# [Directions for this task]
Copy precisely the first line of the material below and every later line, stopping with the line that contains "Implicit Types (C".

# [Exercise input]
Lemma mrestr_colon s m N : mdiv s (mmul m N) -> mdiv (mrestr (~: msupp N) s) m.
Proof.
move=> smN i; rewrite ffunE !inE -leqNgt leqn0.
by case: eqP (smN i) => // Ni; rewrite ffunE Ni addn0.
Qed.

Lemma sum_mrestr A a F : F \subset A -> \sum_(i in F) mrestr A a i = \sum_(i in F) a i.
Proof. by move=> /subsetP FA; apply: eq_bigr => i /FA iA; rewrite ffunE iA. Qed.

End Monomials.

Section CoverIdeals.
Variable n : nat.
Implicit Types (C : {set {set 'I_n}}) (F G : {set 'I_n}) (a b m N s : mon n) (I : mideal n).

Definition clutter C := {in C &, forall F1 F2, F1 \subset F2 -> F1 = F2}.

Lemma clutter_subset C C' : C' \subset C -> clutter C -> clutter C'.
Proof. by move=> /subsetP sC clC F1 F2 /sC F1C /sC F2C; exact: clC. Qed.

Lemma in_pF_mmul F a b : in_pF F (mmul a b) = in_pF F a || in_pF F b.
Proof.
apply/exists_inP/orP => [[i iF]|[]/exists_inP[i iF pos]]; last 2 first.
- by exists i; rewrite // ffunE addn_gt0 pos.
- by exists i; rewrite // ffunE addn_gt0 pos orbT.
by rewrite ffunE addn_gt0 => /orP[] pos; [left|right]; apply/exists_inP; exists i.
Qed.

Lemma coverJPn C m : ~ coverJ C m -> exists2 F, F \in C & [disjoint F & msupp m].
Proof.
move=> nJm; have [/exists_inP[F FC]|/exists_inPn inC] := boolP [exists F in C, ~~ in_pF F m].
  by rewrite in_pF_msupp negbK; exists F.
by case: nJm => F FC; move: (inC F FC); rewrite negbK.
Qed.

# [Answer to this problem]
Lemma mrestr_colon s m N : mdiv s (mmul m N) -> mdiv (mrestr (~: msupp N) s) m.
Proof.
move=> smN i; rewrite ffunE !inE -leqNgt leqn0.
by case: eqP (smN i) => // Ni; rewrite ffunE Ni addn0.
Qed.

Lemma sum_mrestr A a F : F \subset A -> \sum_(i in F) mrestr A a i = \sum_(i in F) a i.
Proof. by move=> /subsetP FA; apply: eq_bigr => i /FA iA; rewrite ffunE iA. Qed.

End Monomials.

Section CoverIdeals.
Variable n : nat.
Implicit Types (C : {set {set 'I_n}}) (F G : {set 'I_n}) (a b m N s : mon n) (I : mideal n).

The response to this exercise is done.